> **Task statement**:
Transcribe, word for word and without additions, each line below from the one containing "have -> : zball" through the one containing "rewrite <- !T2. split; f_equal; lia.", both ends included.

(Dataset entries)
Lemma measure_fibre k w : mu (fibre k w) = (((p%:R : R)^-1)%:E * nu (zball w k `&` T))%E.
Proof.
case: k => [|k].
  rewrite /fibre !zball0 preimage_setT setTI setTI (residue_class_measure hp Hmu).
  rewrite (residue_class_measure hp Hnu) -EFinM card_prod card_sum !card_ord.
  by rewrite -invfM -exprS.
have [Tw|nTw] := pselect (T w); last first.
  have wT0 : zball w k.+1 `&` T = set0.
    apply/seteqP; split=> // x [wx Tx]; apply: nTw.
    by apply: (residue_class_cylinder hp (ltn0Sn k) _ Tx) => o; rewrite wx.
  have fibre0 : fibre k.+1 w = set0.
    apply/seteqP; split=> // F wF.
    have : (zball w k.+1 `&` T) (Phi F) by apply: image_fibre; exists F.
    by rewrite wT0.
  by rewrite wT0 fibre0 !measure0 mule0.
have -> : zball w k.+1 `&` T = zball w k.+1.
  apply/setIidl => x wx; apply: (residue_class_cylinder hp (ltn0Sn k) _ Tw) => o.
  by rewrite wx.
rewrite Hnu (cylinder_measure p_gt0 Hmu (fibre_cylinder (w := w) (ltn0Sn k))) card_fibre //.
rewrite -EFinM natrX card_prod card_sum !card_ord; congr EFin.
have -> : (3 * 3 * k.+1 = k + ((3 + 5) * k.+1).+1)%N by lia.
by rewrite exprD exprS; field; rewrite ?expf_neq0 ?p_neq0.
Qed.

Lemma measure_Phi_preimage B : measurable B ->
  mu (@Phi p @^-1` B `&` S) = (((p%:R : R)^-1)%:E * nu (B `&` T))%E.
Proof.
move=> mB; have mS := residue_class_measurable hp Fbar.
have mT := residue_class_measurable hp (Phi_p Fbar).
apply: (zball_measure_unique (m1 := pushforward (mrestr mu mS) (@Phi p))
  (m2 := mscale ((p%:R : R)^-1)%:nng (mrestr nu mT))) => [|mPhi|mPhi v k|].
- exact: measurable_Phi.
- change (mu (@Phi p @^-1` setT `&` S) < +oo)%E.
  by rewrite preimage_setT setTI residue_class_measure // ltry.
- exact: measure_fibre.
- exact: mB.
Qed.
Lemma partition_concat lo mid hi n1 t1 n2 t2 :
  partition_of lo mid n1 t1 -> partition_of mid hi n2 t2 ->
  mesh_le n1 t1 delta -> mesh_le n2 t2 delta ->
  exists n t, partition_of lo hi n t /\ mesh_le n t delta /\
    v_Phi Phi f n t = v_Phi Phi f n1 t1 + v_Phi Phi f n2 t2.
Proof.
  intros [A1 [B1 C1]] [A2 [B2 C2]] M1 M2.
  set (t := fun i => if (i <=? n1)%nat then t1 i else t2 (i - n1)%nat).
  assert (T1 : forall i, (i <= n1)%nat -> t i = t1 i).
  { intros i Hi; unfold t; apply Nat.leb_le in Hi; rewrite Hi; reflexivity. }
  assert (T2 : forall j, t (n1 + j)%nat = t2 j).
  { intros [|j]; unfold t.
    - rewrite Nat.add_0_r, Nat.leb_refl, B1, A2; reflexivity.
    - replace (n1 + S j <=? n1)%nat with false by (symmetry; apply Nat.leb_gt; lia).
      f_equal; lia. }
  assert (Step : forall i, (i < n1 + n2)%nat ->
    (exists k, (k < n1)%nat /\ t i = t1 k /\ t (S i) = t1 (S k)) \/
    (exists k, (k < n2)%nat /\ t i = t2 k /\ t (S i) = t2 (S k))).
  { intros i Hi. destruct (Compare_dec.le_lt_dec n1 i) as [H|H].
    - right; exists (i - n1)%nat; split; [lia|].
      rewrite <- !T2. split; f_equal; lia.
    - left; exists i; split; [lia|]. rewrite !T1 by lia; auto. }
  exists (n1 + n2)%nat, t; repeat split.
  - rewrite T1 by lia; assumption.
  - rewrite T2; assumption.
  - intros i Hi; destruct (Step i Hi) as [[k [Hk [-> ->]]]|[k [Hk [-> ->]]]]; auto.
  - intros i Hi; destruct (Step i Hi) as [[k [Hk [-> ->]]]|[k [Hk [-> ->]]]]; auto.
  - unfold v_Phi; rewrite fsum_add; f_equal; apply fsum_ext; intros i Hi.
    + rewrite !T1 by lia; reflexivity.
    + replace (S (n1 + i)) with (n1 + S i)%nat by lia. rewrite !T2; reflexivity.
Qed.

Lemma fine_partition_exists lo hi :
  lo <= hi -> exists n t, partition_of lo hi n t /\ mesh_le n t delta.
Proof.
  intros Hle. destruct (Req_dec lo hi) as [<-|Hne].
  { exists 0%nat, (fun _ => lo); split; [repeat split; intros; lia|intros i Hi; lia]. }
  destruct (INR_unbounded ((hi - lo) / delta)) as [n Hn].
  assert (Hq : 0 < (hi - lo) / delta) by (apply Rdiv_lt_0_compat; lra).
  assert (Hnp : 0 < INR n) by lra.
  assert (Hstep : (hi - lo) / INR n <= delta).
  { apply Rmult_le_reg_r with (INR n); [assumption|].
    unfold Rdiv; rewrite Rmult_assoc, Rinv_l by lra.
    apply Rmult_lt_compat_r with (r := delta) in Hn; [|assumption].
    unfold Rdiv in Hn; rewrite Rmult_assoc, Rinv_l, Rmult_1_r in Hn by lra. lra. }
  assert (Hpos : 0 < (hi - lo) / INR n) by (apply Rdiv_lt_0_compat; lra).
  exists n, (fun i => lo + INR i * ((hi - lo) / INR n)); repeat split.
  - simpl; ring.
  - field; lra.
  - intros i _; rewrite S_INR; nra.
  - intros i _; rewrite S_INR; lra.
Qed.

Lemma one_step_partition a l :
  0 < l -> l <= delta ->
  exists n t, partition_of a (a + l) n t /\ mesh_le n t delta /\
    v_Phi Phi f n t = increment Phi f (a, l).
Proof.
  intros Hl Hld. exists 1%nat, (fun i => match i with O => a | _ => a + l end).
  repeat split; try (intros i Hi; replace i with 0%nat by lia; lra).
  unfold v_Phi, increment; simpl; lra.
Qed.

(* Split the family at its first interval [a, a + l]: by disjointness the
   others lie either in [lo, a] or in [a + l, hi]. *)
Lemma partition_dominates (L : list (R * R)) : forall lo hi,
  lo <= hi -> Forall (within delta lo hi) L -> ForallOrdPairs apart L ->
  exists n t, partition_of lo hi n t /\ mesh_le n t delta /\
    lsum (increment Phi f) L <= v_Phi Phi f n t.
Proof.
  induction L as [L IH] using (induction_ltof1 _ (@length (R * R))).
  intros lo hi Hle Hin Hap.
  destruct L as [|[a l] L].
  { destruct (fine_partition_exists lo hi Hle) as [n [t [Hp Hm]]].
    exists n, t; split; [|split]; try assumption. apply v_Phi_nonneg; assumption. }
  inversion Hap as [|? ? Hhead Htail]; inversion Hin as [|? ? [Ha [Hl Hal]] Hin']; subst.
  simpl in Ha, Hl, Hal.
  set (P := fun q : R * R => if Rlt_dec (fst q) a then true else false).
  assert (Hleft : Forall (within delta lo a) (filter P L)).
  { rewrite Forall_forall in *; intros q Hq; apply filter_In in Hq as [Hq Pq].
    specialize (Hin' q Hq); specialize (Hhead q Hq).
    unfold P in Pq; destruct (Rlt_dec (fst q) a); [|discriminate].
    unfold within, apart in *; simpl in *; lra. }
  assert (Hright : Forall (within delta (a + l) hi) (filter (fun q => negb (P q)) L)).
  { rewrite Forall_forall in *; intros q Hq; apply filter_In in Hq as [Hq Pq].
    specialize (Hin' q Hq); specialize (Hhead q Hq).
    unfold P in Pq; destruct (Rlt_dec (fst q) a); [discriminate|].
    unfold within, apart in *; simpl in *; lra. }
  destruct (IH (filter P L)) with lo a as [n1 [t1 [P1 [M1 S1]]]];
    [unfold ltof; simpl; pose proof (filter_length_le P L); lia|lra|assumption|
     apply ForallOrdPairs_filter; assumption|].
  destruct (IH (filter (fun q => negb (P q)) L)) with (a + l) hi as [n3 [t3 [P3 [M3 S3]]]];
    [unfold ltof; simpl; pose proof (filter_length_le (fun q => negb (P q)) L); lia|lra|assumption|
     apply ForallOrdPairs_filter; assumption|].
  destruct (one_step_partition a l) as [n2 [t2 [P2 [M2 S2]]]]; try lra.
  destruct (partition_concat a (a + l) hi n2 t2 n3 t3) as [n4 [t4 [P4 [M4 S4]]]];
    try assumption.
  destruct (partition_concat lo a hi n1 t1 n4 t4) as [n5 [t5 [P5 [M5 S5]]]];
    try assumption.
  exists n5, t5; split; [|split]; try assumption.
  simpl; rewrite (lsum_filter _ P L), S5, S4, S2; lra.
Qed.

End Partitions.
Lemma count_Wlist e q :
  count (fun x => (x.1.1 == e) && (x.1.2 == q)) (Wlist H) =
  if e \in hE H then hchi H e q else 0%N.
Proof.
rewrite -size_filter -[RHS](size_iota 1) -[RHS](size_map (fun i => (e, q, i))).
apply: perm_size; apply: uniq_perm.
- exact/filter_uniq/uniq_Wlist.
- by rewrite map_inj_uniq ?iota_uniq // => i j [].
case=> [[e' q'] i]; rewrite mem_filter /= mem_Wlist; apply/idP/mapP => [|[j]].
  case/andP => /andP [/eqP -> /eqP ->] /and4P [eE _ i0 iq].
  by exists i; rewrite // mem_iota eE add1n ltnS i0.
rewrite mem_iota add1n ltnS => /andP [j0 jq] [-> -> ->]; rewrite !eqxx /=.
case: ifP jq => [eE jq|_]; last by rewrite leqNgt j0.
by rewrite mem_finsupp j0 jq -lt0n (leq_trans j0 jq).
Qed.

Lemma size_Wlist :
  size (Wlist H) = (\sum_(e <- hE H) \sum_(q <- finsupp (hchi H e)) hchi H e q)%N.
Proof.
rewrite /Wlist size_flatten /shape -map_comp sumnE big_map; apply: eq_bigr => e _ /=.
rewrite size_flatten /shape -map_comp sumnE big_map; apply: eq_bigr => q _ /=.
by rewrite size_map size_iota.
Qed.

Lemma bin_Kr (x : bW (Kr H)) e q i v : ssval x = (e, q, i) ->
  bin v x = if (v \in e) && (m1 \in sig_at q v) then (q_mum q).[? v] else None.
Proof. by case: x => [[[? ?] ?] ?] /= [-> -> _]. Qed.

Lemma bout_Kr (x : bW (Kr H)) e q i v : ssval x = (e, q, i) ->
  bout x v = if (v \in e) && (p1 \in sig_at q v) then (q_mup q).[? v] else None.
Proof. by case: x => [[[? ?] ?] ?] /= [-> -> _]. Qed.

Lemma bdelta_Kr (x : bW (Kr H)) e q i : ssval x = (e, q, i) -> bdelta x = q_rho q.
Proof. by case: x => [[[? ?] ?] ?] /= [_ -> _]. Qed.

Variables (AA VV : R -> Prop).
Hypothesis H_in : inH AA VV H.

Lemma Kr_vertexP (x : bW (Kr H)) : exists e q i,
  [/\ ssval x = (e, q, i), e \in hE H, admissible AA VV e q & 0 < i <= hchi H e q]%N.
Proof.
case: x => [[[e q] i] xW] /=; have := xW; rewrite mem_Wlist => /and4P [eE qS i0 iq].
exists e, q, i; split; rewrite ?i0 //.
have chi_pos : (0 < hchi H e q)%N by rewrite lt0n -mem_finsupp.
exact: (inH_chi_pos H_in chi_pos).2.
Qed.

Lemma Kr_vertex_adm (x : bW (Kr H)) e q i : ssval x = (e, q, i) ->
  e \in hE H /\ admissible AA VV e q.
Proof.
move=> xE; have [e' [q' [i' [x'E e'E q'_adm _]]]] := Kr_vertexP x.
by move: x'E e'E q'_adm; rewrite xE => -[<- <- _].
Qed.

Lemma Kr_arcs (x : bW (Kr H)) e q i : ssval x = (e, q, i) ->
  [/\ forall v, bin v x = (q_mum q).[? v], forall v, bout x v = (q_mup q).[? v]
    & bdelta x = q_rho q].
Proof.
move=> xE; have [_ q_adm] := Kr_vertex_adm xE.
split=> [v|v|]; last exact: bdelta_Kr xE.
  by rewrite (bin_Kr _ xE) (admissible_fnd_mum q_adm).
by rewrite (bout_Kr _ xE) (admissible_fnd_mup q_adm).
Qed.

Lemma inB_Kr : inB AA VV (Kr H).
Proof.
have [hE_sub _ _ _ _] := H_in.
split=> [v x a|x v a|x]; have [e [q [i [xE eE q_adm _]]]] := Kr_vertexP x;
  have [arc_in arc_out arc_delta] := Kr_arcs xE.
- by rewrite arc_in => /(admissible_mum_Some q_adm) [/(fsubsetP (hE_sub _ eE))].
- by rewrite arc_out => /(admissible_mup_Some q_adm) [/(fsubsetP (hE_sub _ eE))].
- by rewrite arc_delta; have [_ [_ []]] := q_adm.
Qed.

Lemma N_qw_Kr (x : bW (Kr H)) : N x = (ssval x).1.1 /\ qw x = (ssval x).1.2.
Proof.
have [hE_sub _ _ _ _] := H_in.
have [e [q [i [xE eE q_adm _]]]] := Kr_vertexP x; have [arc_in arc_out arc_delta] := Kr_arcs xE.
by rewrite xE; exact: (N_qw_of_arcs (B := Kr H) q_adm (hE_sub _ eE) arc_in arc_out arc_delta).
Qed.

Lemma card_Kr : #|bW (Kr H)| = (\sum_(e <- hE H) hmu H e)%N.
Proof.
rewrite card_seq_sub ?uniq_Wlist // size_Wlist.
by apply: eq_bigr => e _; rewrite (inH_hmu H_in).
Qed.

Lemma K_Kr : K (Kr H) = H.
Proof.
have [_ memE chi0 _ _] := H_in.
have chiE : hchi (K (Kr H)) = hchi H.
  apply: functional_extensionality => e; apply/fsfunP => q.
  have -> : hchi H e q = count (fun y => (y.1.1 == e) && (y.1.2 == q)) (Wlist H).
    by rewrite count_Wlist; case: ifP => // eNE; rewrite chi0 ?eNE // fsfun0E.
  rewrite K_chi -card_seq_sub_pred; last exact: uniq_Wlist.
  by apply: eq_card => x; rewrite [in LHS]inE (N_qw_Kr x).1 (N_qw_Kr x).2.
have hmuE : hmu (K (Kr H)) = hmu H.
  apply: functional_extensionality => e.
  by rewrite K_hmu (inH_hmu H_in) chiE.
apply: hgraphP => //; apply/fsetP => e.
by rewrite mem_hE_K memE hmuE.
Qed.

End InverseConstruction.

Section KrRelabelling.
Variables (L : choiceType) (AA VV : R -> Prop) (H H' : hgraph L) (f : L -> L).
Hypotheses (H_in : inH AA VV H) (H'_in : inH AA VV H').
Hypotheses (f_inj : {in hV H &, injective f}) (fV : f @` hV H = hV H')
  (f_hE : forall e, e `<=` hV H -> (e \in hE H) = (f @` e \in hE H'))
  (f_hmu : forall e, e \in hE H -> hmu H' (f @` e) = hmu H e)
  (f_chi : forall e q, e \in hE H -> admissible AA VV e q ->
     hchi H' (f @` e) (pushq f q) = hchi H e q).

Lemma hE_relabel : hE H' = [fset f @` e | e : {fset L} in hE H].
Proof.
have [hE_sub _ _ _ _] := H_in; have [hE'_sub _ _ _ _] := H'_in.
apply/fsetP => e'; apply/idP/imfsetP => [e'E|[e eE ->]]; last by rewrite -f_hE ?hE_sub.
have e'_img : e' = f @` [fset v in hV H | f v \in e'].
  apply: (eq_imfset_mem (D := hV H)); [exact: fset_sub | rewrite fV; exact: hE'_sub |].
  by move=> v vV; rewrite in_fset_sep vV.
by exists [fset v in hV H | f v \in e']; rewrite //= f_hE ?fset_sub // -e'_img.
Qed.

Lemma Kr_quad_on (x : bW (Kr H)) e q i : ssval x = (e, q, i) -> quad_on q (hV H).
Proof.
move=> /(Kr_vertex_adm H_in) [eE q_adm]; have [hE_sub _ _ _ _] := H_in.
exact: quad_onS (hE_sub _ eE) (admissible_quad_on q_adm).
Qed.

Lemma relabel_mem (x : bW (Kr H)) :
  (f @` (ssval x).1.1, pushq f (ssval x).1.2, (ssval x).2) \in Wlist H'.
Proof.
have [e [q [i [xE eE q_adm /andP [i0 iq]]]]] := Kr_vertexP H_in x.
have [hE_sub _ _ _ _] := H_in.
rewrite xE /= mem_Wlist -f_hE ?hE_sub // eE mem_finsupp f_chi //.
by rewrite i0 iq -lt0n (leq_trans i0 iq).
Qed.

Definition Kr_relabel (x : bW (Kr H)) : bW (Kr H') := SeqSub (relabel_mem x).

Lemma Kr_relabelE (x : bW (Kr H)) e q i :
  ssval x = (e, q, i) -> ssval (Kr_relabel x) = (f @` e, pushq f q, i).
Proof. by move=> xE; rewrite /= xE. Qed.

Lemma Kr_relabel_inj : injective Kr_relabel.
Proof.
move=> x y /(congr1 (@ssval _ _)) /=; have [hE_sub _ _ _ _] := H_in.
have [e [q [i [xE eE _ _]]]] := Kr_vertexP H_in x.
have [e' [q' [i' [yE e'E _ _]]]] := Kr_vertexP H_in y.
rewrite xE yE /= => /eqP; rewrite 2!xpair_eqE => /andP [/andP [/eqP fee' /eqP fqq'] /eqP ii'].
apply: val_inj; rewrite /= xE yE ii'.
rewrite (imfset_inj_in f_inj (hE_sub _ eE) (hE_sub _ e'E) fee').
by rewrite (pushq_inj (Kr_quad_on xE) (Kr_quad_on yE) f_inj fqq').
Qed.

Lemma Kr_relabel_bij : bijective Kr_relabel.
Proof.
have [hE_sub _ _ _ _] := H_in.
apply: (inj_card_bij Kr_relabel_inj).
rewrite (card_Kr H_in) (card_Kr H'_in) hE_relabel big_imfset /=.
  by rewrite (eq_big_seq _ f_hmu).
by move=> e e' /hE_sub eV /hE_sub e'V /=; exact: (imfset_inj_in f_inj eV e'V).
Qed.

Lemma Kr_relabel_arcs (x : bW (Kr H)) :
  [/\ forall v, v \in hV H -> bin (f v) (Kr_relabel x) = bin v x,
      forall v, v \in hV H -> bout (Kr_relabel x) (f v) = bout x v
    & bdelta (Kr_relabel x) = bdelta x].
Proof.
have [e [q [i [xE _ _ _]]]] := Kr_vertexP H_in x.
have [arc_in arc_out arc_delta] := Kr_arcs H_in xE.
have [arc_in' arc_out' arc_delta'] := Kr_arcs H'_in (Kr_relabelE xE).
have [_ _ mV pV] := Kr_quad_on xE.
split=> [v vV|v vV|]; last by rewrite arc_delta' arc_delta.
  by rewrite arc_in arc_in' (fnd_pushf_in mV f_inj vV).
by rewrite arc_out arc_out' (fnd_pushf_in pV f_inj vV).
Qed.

> **Completed task**:
have -> : zball w k.+1 `&` T = zball w k.+1.
  apply/setIidl => x wx; apply: (residue_class_cylinder hp (ltn0Sn k) _ Tw) => o.
  by rewrite wx.
rewrite Hnu (cylinder_measure p_gt0 Hmu (fibre_cylinder (w := w) (ltn0Sn k))) card_fibre //.
rewrite -EFinM natrX card_prod card_sum !card_ord; congr EFin.
have -> : (3 * 3 * k.+1 = k + ((3 + 5) * k.+1).+1)%N by lia.
by rewrite exprD exprS; field; rewrite ?expf_neq0 ?p_neq0.
Qed.

Lemma measure_Phi_preimage B : measurable B ->
  mu (@Phi p @^-1` B `&` S) = (((p%:R : R)^-1)%:E * nu (B `&` T))%E.
Proof.
move=> mB; have mS := residue_class_measurable hp Fbar.
have mT := residue_class_measurable hp (Phi_p Fbar).
apply: (zball_measure_unique (m1 := pushforward (mrestr mu mS) (@Phi p))
  (m2 := mscale ((p%:R : R)^-1)%:nng (mrestr nu mT))) => [|mPhi|mPhi v k|].
- exact: measurable_Phi.
- change (mu (@Phi p @^-1` setT `&` S) < +oo)%E.
  by rewrite preimage_setT setTI residue_class_measure // ltry.
- exact: measure_fibre.
- exact: mB.
Qed.
Lemma partition_concat lo mid hi n1 t1 n2 t2 :
  partition_of lo mid n1 t1 -> partition_of mid hi n2 t2 ->
  mesh_le n1 t1 delta -> mesh_le n2 t2 delta ->
  exists n t, partition_of lo hi n t /\ mesh_le n t delta /\
    v_Phi Phi f n t = v_Phi Phi f n1 t1 + v_Phi Phi f n2 t2.
Proof.
  intros [A1 [B1 C1]] [A2 [B2 C2]] M1 M2.
  set (t := fun i => if (i <=? n1)%nat then t1 i else t2 (i - n1)%nat).
  assert (T1 : forall i, (i <= n1)%nat -> t i = t1 i).
  { intros i Hi; unfold t; apply Nat.leb_le in Hi; rewrite Hi; reflexivity. }
  assert (T2 : forall j, t (n1 + j)%nat = t2 j).
  { intros [|j]; unfold t.
    - rewrite Nat.add_0_r, Nat.leb_refl, B1, A2; reflexivity.
    - replace (n1 + S j <=? n1)%nat with false by (symmetry; apply Nat.leb_gt; lia).
      f_equal; lia. }
  assert (Step : forall i, (i < n1 + n2)%nat ->
    (exists k, (k < n1)%nat /\ t i = t1 k /\ t (S i) = t1 (S k)) \/
    (exists k, (k < n2)%nat /\ t i = t2 k /\ t (S i) = t2 (S k))).
  { intros i Hi. destruct (Compare_dec.le_lt_dec n1 i) as [H|H].
    - right; exists (i - n1)%nat; split; [lia|].
      rewrite <- !T2. split; f_equal; lia.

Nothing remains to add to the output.